Древней Гондване было известно учение об анабиозе! Да, именно это было записано на платиновой дощечке Нео-ра! Нельзя было сомневаться в том, что наука времен Гон-ды знала анабиоз, то есть, что значит заморозить живое существо и затем возвратить ему жизнь. Это превосходило самое смелое воображение. Гондванцы достигли большего, нежели современная наука за двадцать столетий новой эры.
Ибрагимов вспомнил сведения, полученные им из последних источников иностранной литературы. Человечество двадцатого века, судя по опытам германского профессора Баумана, только еще подходило к установленному гонд-ванцами пределу, правда, в отношении лишь простейших организмов: высушенные коловратки выдерживали температуру в сто девяносто два градуса холода! Но все же это было на девяносто градусов ниже температуры междупланетного пространства.
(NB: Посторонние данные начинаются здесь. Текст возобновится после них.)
(* Let $h \ge 2$, $N_H \ge 1$, $f \ge 0$ and $0 \le e \le f$ be integers, and consider an IBF with $h$ hash functions and $N = h N_H$ cells storing $f$ elements, whose state matrix is an $h$-tuple $(\mathbf{F}_1, \ldots, \mathbf{F}_h) \in \mathcal{S}_{N_H,f}^h$. Then the number of $h$-tuples $(\mathbf{F}_1, \ldots, \mathbf{F}_h) \in \mathcal{S}_{N_H,f}^h$ for which the extraction process extracts at least $e$ elements is at least $$\Theta(N_H, f, h, e) = \binom{f}{e} \sum_{\mathbf{b} \in \mathcal{T}_e \,:\, \xi(\mathbf{b}) \ge e} \left( \Psi(e, \mathbf{b}) \prod_{i=1}^{h} \left[ \binom{N_H}{b_i}\, b_i!\, z(N_H - b_i, f - b_i) \right] \right).$$
   Context: For integers $n, m \ge 0$, let $\mathcal{S}_{n,m}$ denote the set of all $n \times m$ binary matrices in which every column has Hamming weight exactly one (so $|\mathcal{S}_{n,m}| = n^m$; $\mathcal{S}_{n,0}$ consists of the single empty matrix, and $\mathcal{S}_{0,m} = \emptyset$ for $m \ge 1$). A binary matrix is called a stopping matrix if none of its rows has Hamming weight exactly one. Let $z(n, m)$ denote the number of matrices in $\mathcal{S}_{n,m}$ that are stopping matrices (so $z(n,0)=1$, $z(0,m)=0$ for $m\ge1$). The state matrix of an IBF with $h$ hash functions, $N = hN_H$ cells (partitioned into $h$ sub-filters of $N_H$ cells, the $i$-th hash function mapping into the $i$-th sub-filter) and $f$ inserted elements $x_1,\dots,x_f$ is the $h$-tuple $(\mathbf{F}_1,\dots,\mathbf{F}_h)$ with $\mathbf{F}_i \in \mathcal{S}_{N_H,f}$, where $\mathbf{F}_i$ has a $1$ in row $r$, column $j$ iff the $i$-th hash function maps $x_j$ to cell $r$ of the $i$-th sub-filter; equivalently the $hN_H \times f$ matrix obtained by stacking $\mathbf{F}_1,\dots,\mathbf{F}_h$ vertically. Extraction (peeling) process: columns are removed simultaneously from all blocks; while there is some $i \in [h]$ and some row of $\mathbf{F}_i$ whose restriction to the not-yet-removed columns has Hamming weight exactly one, remove (extract) the column containing that unique $1$; stop when no block has a row of weight one on the remaining columns. The number of extracted elements is the number of removed columns (independent of the order of removals). For $e \in \mathbb{N}$, $\mathcal{T}_e$ is the set of vectors $\mathbf{b} = (b_1, \ldots, b_h) \in \mathbb{N}^h$ with all entries in $\{0, 1, \ldots, e\}$, and $\xi(\mathbf{b}) = \sum_{i=1}^h b_i$. The function $\Psi$ is defined recursively for $e \in \mathbb{N}$, $\mathbf{b} \in \mathbb{N}^h$ by $\Psi(0, \mathbf{0}) = 1$, $\Psi(0, \mathbf{b}) = 0$ for $\mathbf{b} \ne \mathbf{0}$, and for $e \ge 1$: $\Psi(e, \mathbf{b}) = \prod_{i=1}^{h} \binom{e}{b_i} - \sum_{j=0}^{e-1} \binom{e}{j} \Psi(j, \mathbf{b})$. ($\mathbb{N}$ includes $0$.) *)

From mathcomp Require Import all_boot all_order all_algebra.
Set Implicit Arguments. Unset Strict Implicit. Unset Printing Implicit Defensive.
Import GRing.Theory Num.Theory.

(* A matrix in S_{n,m} (n x m binary, every column of weight one) is encoded
   by the function sending column j to the row holding its unique 1. *)
Definition Smat (n m : nat) := {ffun 'I_m -> 'I_n}.

Definition row_wt n m (F : Smat n m) (R : {set 'I_m}) (r : 'I_n) : nat :=
  #|[set j in R | F j == r]|.

Definition stopping n m (F : Smat n m) : bool :=
  [forall r : 'I_n, row_wt F setT r != 1%N].

Definition z (n m : nat) : nat := #|[set F : Smat n m | stopping F]|.

Definition state (h NH f : nat) := {ffun 'I_h -> Smat NH f}.

Definition extractable h NH f (Fs : state h NH f) (R : {set 'I_f}) (j : 'I_f)
  : bool :=
  (j \in R) && [exists i : 'I_h, row_wt (Fs i) R (Fs i j) == 1%N].

(* one step of the extraction process: remove one extractable column
   (the extraction count is independent of the removal order; we fix
   the order by picking some extractable column) *)
Definition peel_step h NH f (Fs : state h NH f) (R : {set 'I_f}) : {set 'I_f} :=
  match [pick j | extractable Fs R j] with
  | Some j => R :\ j
  | None => R
  end.

(* remaining columns after the process stops (at most f removals) *)
Definition remaining h NH f (Fs : state h NH f) : {set 'I_f} :=
  iter f (peel_step Fs) setT.

Definition extracted h NH f (Fs : state h NH f) : nat :=
  (f - #|remaining Fs|)%N.

(* Psi(e, b): psis e b = [:: Psi(0,b); ...; Psi(e,b)] *)
Fixpoint psis (h : nat) (e : nat) (b : 'I_h -> nat) : seq int :=
  match e with
  | 0 => [:: (if [forall i, b i == 0%N] then 1 else 0)%R]
  | e'.+1 =>
      let s := psis e' b in
      rcons s ((\prod_(i < h) ('C(e'.+1, b i))%:Z)
               - \sum_(j < e'.+1) ('C(e'.+1, j))%:Z * nth 0 s j)%R
  end.

Definition Psi (h : nat) (e : nat) (b : 'I_h -> nat) : int :=
  nth 0%R (psis e b) e.

(* T_e = {0..e}^h ; b : {ffun 'I_h -> 'I_e.+1} ; xi(b) = sum b_i *)
Definition xi h e (b : {ffun 'I_h -> 'I_e.+1}) : nat := \sum_(i < h) (b i : nat).

Definition Theta (NH f h e : nat) : int :=
  ('C(f, e))%:Z *
  \sum_(b : {ffun 'I_h -> 'I_e.+1} | (e <= xi b)%N)
     (Psi e (fun i => (b i : nat)) *
      \prod_(i < h) ('C(NH, b i) * (b i)`! * z (NH - b i) (f - b i))%:Z)%R.

From mathcomp Require Import all_boot all_order all_algebra.
From mathcomp Require Import zify.
Import GRing.Theory Num.Theory.
Set Implicit Arguments. Unset Strict Implicit. Unset Printing Implicit Defensive.

(* Call a column of a block F_i a singleton if it is the only 1
   of its row, and call a column peelable if it is a singleton in some block.
   The extraction removes every peelable column (a singleton stays alone in
   its row when other columns are removed), so it suffices to count states
   with at least e peelable columns, i.e. to bound from below, for each
   e-set E, the number of states whose peelable set is exactly E.
   1. A block whose singleton set is a given b-set B is built from an
      injection of B into the N_H rows and a stopping matrix on the other
      columns and rows: there are at least C(N_H, b) b! z(N_H - b, f - b).
   2. Grouping the h-tuples (B_1, ..., B_h) with union E by their size vector
      b, the number of such tuples is covers E b, and an inclusion-exclusion
      argument shows covers E b = Psi(|E|, b) (both obey the recursion of
      Psi).  Summing over the C(f, e) sets E gives exactly Theta. *)

Definition stopb (A R : finType) (F : {ffun A -> R}) : bool :=
  [forall r, #|[set a | F a == r]| != 1%N].

Definition nstop (A R : finType) : nat := #|[set F : {ffun A -> R} | stopb F]|.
Короткая выразительная запись с головой захватила молодого профессора. Какие смелые, поистине революционные мысли исходили из глубины тысячелетий! Ведь если так, возможно считать обоснованным поднятый еще сто лет назад вопрос о зарождении жизни на земле путем заселения ее мельчайшими организмами, отброшенными на нашу планету движущей энергией световых лучей и не погибшими от холода междупланетных пространств…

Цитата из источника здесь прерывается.